SQLite            Cassandra        MariaDB                 Neo4j

Additionally, cloud database services are available from most major tech companies (Microsoft, Google and Amazon all have both free and paid cloud storage services).

Most, but not all, of these DBMSs are relational and use SQL. SQL stands for Structured Query Language and is the standard language used by relational database management systems (RDBMSs) to manage and access the data. Versions of SQL used by different RDBMSs may vary slightly, but in general most RDBMSs are pretty similar to each other.

Relational databases and databases that use SQL are not strictly the same although there is a huge amount of overlap. While pretty much all relational databases use SQL, some NoSQL (i.e. non-relational) databases can also use SQL for some purposes. Thus, while NoSQL originally meant "no SQL", many sources now refer to it as meaning "not only SQL", and use "NoSQL" interchangeably with "non-relational".

Don't worry if you're confused. This kind of thing happens all the time in the tech industry. Just keep reading.

Relational databases and SQL:

Relational databases are what most people think of when they think of databases. Relational databases use tables to organize data and use SQL to access the data. Here is an example of a database table:

Relational databases consist of one or more tables, and each table contains any number of records. A record contains data on a single object, and each record is one row in the table. In the table above, each record describes a geographic area (like a province/county/district).

This is an example of structured data, which is what relational databases are best used for. Note that each district has a name, country, continent, population, and sqkm_admin. Furthermore, the name, country, and continent is always text, while the population and sqkm_admin is always a number. So all records contain the exact same types of data.

Contrast this with if you were trying to pick a vacation destination, and had a stack of travel brochures. Some brochures might have pictures of beaches and hotels while others might have lists of cultural events and shows. You would have different kinds of information for each district, and most information wouldn't be easy to describe using a number or a few words. This is known as unstructured data, which relational databases are not good for.

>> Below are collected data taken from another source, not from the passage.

Lemma hs_form_commutator (S A C : W -> W) :
  (forall z, z \in U -> S z \in U) -> (forall z, z \in U -> A z \in U) ->
  (forall z, z \in U -> C z \in U) ->
  (forall x y, x \in U -> y \in U -> form (S x) y = - form x (S y)) ->
  (forall x y, x \in U -> y \in U -> form (A x) y = - form x (A y)) ->
  (forall x y, x \in U -> y \in U -> form (C x) y = - form x (C y)) ->
  hs_form (fun z => S (A z) - A (S z)) C = - hs_form A (fun z => S (C z) - C (S z)).
Proof.
move=> SU AU CU Sskew Askew Cskew.
have XU' z : z \in X -> z \in U by case/XU.
have X_neq0 z : z \in X -> form z z != 0 by case/XU=> _ /lt0r_neq0.
have SA_C : \sum_(y <- X) form (S (A y)) (C y) / form y y =
            - \sum_(y <- X) form (A y) (S (C y)) / form y y.
  rewrite -sumrN; apply: eq_big_seq => y Xy.
  by rewrite Sskew ?AU ?CU ?XU' // mulNr.
have AS_C : \sum_(y <- X) form (A (S y)) (C y) / form y y =
            - \sum_(y <- X) form (A y) (C (S y)) / form y y.
  transitivity (\sum_(y <- X) \sum_(z <- X)
                  (form y (S z) * form (C (A z)) y / form y y) / form z z).
    apply: eq_big_seq => y Xy.
    rewrite Askew ?SU ?CU ?XU' // (parseval _ (SU _ (XU' _ Xy))) mulNr mulr_suml.
    rewrite -sumrN; apply: eq_big_seq => z Xz.
    have -> : form (S y) z = - form y (S z) by rewrite Sskew ?XU'.
    have -> : form z (A (C y)) = form (C (A z)) y.
      by rewrite Cskew ?AU ?XU' // form_sym Askew ?CU ?XU' // form_sym.
    by field; rewrite !X_neq0.
  rewrite exchange_big -sumrN; apply: eq_big_seq => z Xz.
  rewrite -mulr_suml.
  have -> : \sum_(y <- X) form y (S z) * form (C (A z)) y / form y y =
            form (C (A z)) (S z).
    rewrite (parseval _ (CU _ (AU _ (XU' _ Xz)))); apply: eq_bigr => y _.
    by rewrite [form y (S z) * _]mulrC.
  by rewrite Cskew ?AU ?SU ?XU' // mulNr.
rewrite /hs_form (eq_bigr (fun y => form (S (A y)) (C y) / form y y
                                   - form (A (S y)) (C y) / form y y)); last first.
  by move=> y _; rewrite sformBl mulrBl.
rewrite big_split /= SA_C sumrN AS_C opprK -sumrN -big_split /=.
by rewrite -sumrN; apply: eq_bigr => y _; rewrite sformBr mulrBl opprB addrC.
Qed.

Let hs_term_ge0 (A : W -> W) : (forall z, z \in U -> A z \in U) ->
  forall y, y \in X -> 0 <= form (A y) (A y) / form y y.
Proof.
move=> AU y Xy; have [Uy y_pos] := XU Xy; apply: divr_ge0; last exact: ltW.
have [->|Ay_neq0] := eqVneq (A y) 0; first by rewrite sform0l.
by apply/ltW/U_pos => //; apply: AU.
Qed.

Lemma hs_form_ge0 (A : W -> W) : (forall z, z \in U -> A z \in U) -> 0 <= hs_form A A.
Proof. by move=> AU; rewrite /hs_form big_seq; apply/sumr_ge0/hs_term_ge0. Qed.

Lemma hs_form_eq0 (A : 'End(W)) : (forall z, z \in U -> A z \in U) ->
  hs_form A A = 0 -> forall x, x \in U -> A x = 0.
Proof.
move=> AU hsA0.
have AX0 z : z \in X -> A z = 0.
  move=> Xz; have [Uz z_pos] := XU Xz.
  move/eqP: hsA0; rewrite /hs_form big_seq_cond psumr_eq0; last first.
    by move=> y /andP [Xy _]; apply: hs_term_ge0.
  move/allP => /(_ z Xz); rewrite Xz andbT /= mulf_eq0 invr_eq0.
  rewrite (negbTE (lt0r_neq0 z_pos)) orbF => /eqP Az0.
  apply/eqP/negPn/negP => Az_neq0.
  by have := U_pos (AU _ Uz) Az_neq0; rewrite Az0 ltxx.
move=> x Ux; rewrite (expandU Ux) linear_sum big1_seq // => z /andP [_ Xz].
by rewrite linearZ /= AX0 // scaler0.
Qed.

End HilbertSchmidt.

Section Nondegenerate.
Hypothesis form_nondeg : forall x, (forall y, form x y = 0) -> x = 0.

Lemma form_riesz (f : W -> R) : (forall a x y, f (a *: x + y) = a * f x + f y) ->
  exists x, forall y, form x y = f y.
Proof.
move=> f_lin.
have form_linr x a y z : (form x (a *: y + z) : R^o) = a *: (form x y : R^o) + form x z.
  by rewrite form_sym form_linear !(form_sym x).
pose Phi : 'Hom(W, 'Hom(W, R^o)) := linfun (fun x => linfun (fun y => form x y : R^o)).
have PhiE x y : Phi x y = form x y.
  rewrite linfunE ?linfunE // => a x1 x2; apply/lfunP => z.
  by rewrite add_lfunE scale_lfunE !linfunE // form_linear.
have Phi_ker0 : (fullv :&: lker Phi = 0)%VS.
  apply/eqP; rewrite -subv0; apply/subvP => x /memv_capP [_].
  rewrite memv_ker memv0 => /eqP Phix0; apply/eqP/form_nondeg => y.
  by rewrite -PhiE Phix0 zero_lfunE.
have Phi_onto : (Phi @: fullv)%VS = fullv.
  apply/eqP; rewrite eqEdim subvf limg_dim_eq // !dimvf.
  by rewrite /dim /= muln1.
have : linfun (f : W -> R^o) \in (Phi @: fullv)%VS by rewrite Phi_onto memvf.
case/memv_imgP => x _ Hx; exists x => y.
by rewrite -PhiE -Hx linfunE.
Qed.

(* Witt's construction: a dual frame of an isotropic free family, corrected by
   [u_i -= 1/2 sum_k form u_i u_k v_k] so that it is isotropic as well. *)
Lemma isotropic_dual_frame m (X : m.-tuple W) :
  free X -> (forall i j : 'I_m, form X`_i X`_j = 0) ->
  exists u : 'I_m -> W,
    (forall i j : 'I_m, form (u i) X`_j = (i == j)%:R) /\
    (forall i j, form (u i) (u j) = 0).
Proof.
move=> freeX Xiso; pose v (i : 'I_m) := X`_i.
pose f (i : 'I_m) y := coord X i (projv <<X>> y).
have f_lin i a x y : f i (a *: x + y) = a * f i x + f i y.
  by rewrite /f linearP /= linearP.
have f_v i j : f i (v j) = (j == i)%:R.
  by rewrite /f projv_id ?coord_free //; apply: memv_span; rewrite mem_nth ?size_tuple.
have [u' u'_form] := fin_all_exists (fun i => form_riesz (f_lin i)).
have u'v i j : form (u' i) (v j) = (i == j)%:R by rewrite u'_form f_v eq_sym.
pose a i k := form (u' i) (u' k).
pose u i := u' i - 2^-1 *: \sum_k a i k *: v k.
have form_comb x (c : 'I_m -> R) : form x (\sum_k c k *: v k) = \sum_k c k * form x (v k).
  by rewrite sform_sumr; apply: eq_bigr => k _; rewrite sformZr.
have comb_v (c : 'I_m -> R) j : form (\sum_k c k *: v k) (v j) = 0.
  by rewrite form_sym form_comb big1 // => k _; rewrite Xiso mulr0.
have uv i j : form (u i) (v j) = (i == j)%:R.
  by rewrite /u sformBl sformZl comb_v mulr0 subr0 u'v.
have u'_comb i j : \sum_k a j k * form (u' i) (v k) = a j i.
  rewrite (eq_bigr (fun k => a j k * (k == i)%:R)) ?sum_mul_delta // => k _.
  by rewrite u'v eq_sym.
exists u; split=> // i j.
rewrite /u sformBl !sformBr !sformZl !sformZr.
rewrite (form_sym (\sum_k a i k *: v k) (u' j)) !form_comb !u'_comb.
rewrite (eq_bigr (fun k => 0)); last by move=> k _; rewrite comb_v mulr0.
rewrite big1 // /a (form_sym (u' j)); lra.
Qed.

End Nondegenerate.

End SymmetricForm.

Section MetricLieAlgebra.
Variables (R : realType) (V : vectType R) (br : V -> V -> V) (B : V -> V -> R).
Hypothesis br_lie : is_lie_bracket br.
Hypothesis B_metric : is_metric br B.

Let B_linear a x y z : B (a *: x + y) z = a * B x z + B y z. Proof. by case: B_metric. Qed.
Let B_sym x y : B x y = B y x. Proof. by case: B_metric. Qed.
Let B_nondeg x : (forall y, B x y = 0) -> x = 0.
Proof. by case: B_metric => _ _ H _; apply: H. Qed.
Let B_inv x y z : B (br x y) z = - B y (br x z). Proof. by case: B_metric. Qed.
Let B0l := sform0l B_linear. Let BDl := sformDl B_linear. Let BZl := sformZl B_linear.
Let BNl := sformNl B_linear. Let BBl := sformBl B_linear. Let B_suml := sform_suml B_linear.
Let B0r := sform0r B_linear B_sym. Let BDr := sformDr B_linear B_sym.
Let BZr := sformZr B_linear B_sym. Let BNr := sformNr B_linear B_sym.
Let BBr := sformBr B_linear B_sym. Let B_sumr := sform_sumr B_linear B_sym.

Let br_linl a x y z : br (a *: x + y) z = a *: br x z + br y z. Proof. by case: br_lie. Qed.
Let br_linr a x y z : br z (a *: x + y) = a *: br z x + br z y. Proof. by case: br_lie. Qed.
Let brxx x : br x x = 0. Proof. by case: br_lie. Qed.
Let br_jacobi x y z : br x (br y z) + br y (br z x) + br z (br x y) = 0.
Proof. by case: br_lie. Qed.

Lemma br0l z : br 0 z = 0.
Proof.
by have := br_linl 1 0 0 z; rewrite !scale1r !addr0 => /(canLR (addrK _)); rewrite subrr.
Qed.
Lemma brDl x y z : br (x + y) z = br x z + br y z.
Proof. by have := br_linl 1 x y z; rewrite !scale1r. Qed.
Lemma brZl a x z : br (a *: x) z = a *: br x z.
Proof. by have := br_linl a x 0 z; rewrite !addr0 br0l addr0. Qed.
Lemma br_suml (I : Type) (s : seq I) (P : pred I) (F : I -> V) z :
  br (\sum_(i <- s | P i) F i) z = \sum_(i <- s | P i) br (F i) z.
Proof. by elim/big_rec2: _ => [|i a b _ <-]; rewrite ?br0l ?brDl. Qed.
Lemma br0r z : br z 0 = 0.
Proof.
by have := br_linr 1 0 0 z; rewrite !scale1r !addr0 => /(canLR (addrK _)); rewrite subrr.
Qed.
Lemma brDr x y z : br z (x + y) = br z x + br z y.
Proof. by have := br_linr 1 x y z; rewrite !scale1r. Qed.
Lemma brZr a x z : br z (a *: x) = a *: br z x.
Proof. by have := br_linr a x 0 z; rewrite !addr0 br0r addr0. Qed.
Lemma brNr x z : br z (- x) = - br z x.
Proof. by rewrite -scaleN1r brZr scaleN1r. Qed.
Lemma br_sumr (I : Type) (s : seq I) (P : pred I) (F : I -> V) z :
  br z (\sum_(i <- s | P i) F i) = \sum_(i <- s | P i) br z (F i).
Proof. by elim/big_rec2: _ => [|i a b _ <-]; rewrite ?br0r ?brDr. Qed.

Lemma br_anti x y : br x y = - br y x.
Proof.
have := brxx (x + y); rewrite brDl !brDr !brxx add0r addr0.
by move/eqP; rewrite addr_eq0 => /eqP.
Qed.

Lemma br_jacobi_der a x y : br a (br x y) = br (br a x) y + br x (br a y).
Proof.
have := br_jacobi a x y; rewrite (br_anti y a) brNr (br_anti y (br a x)).
by move/eqP; rewrite -addrA -opprD addr_eq0 opprK => /eqP ->; rewrite addrC.
Qed.

(* The orthogonal complement of an ideal is an ideal; if the ideal is
   definite the two are complementary, which splits the Lie algebra. *)
Lemma definite_ideal_decomposes (I : {vspace V}) (eps : R) :
  indecomposable br B ->
  (forall a, a \in I -> a != 0 -> 0 < eps * B a a) -> I != 0%VS ->
  (exists2 y, y != 0 & forall a, a \in I -> B y a = 0) ->
  (forall a x, x \in I -> br a x \in I) -> False.
Proof.
move=> B_indec I_pos I_neq0 [y0 y0_neq0 y0_orth] I_ideal.
have eps_neq0 : eps != 0.
  apply: contraNneq I_neq0 => eps0; rewrite -vpick0; apply/negPn/negP => pick_neq0.
  by have := I_pos _ (memv_pick I) pick_neq0; rewrite eps0 mul0r ltxx.
have epsB_linear a x y z : eps * B (a *: x + y) z = a * (eps * B x z) + eps * B y z.
  by rewrite B_linear mulrDr mulrCA.
have epsB_sym x y : eps * B x y = eps * B y x by rewrite B_sym.
set J := orthv B I.
have memJ y : y \in J <-> forall a, a \in I -> B y a = 0 := memv_orthv B_linear B_sym I y.
have IJ0 : (I :&: J = 0)%VS.
  apply/eqP; rewrite -subv0; apply/subvP => z /memv_capP [Iz /memJ Jz].
  rewrite memv0; apply/negPn/negP => z_neq0.
  by have := I_pos z Iz z_neq0; rewrite Jz // mulr0 ltxx.
have J_ideal a y : y \in J -> br a y \in J.
  by move/memJ => Jy; apply/memJ => i Ii; rewrite B_inv Jy ?oppr0 // I_ideal.
apply: B_indec; exists I, J; split=> //; split; [|split; [|split; [|split; [|split]]]].
- apply/negP => /eqP J0; move: y0_neq0; have : y0 \in J by apply/memJ.
  by rewrite J0 memv0 => ->.
- apply/eqP; rewrite eqEsubv subvf /=; apply/subvP => w _.
  have [a Ia a_orth] := exists_orth_proj epsB_linear epsB_sym I_pos w.
  rewrite -(subrK a w) addrC; apply: memv_add => //; apply/memJ => a' Ia'.
  by have /eqP := a_orth a' Ia'; rewrite mulf_eq0 (negbTE eps_neq0) => /eqP.
- exact/directv_addP.
- move=> x y Ix Jy; split; first by rewrite B_sym; apply: (memJ y).1.
  apply/eqP; rewrite -memv0 -IJ0; apply/memv_capP; split; last exact: J_ideal.
  by rewrite br_anti memvN I_ideal.
- by move=> x y _ /I_ideal.
- by move=> x y _ /J_ideal.
Qed.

You can read more about structured and unstructured data here:
https://www.datamation.com/big-data/structured-vs-unstructured-data.html

And here's an article about a standard set of properties know as ACID that pretty much all RDBMSs have, and that you should have basic knowledge of:
https://database.guide/what-is-acid-in-databases/

SQL Tutorials:

Despite the fact that most of the data out there is unstructured, structured data is easier to actually get useful information from, thus relational databases are still by far the most widely used type of database. And as previously stated, even NoSQL databases can use SQL for some tasks. Because of that, I highly recommend picking one of the following SQL tutorials and putting in a few hours to learn some basic SQL.

https://sqlbolt.com/
Bare bones, concise, gets right to the point, is useful as a basic reference as well.

https://www.w3schools.com/sql/default.asp
Provides a lot of diagrams and examples, and useful as an in-depth reference.

https://www.khanacademy.org/computing/computer-programming/sql
Video examples and simple exercises, explains a lot beyond just writing queries.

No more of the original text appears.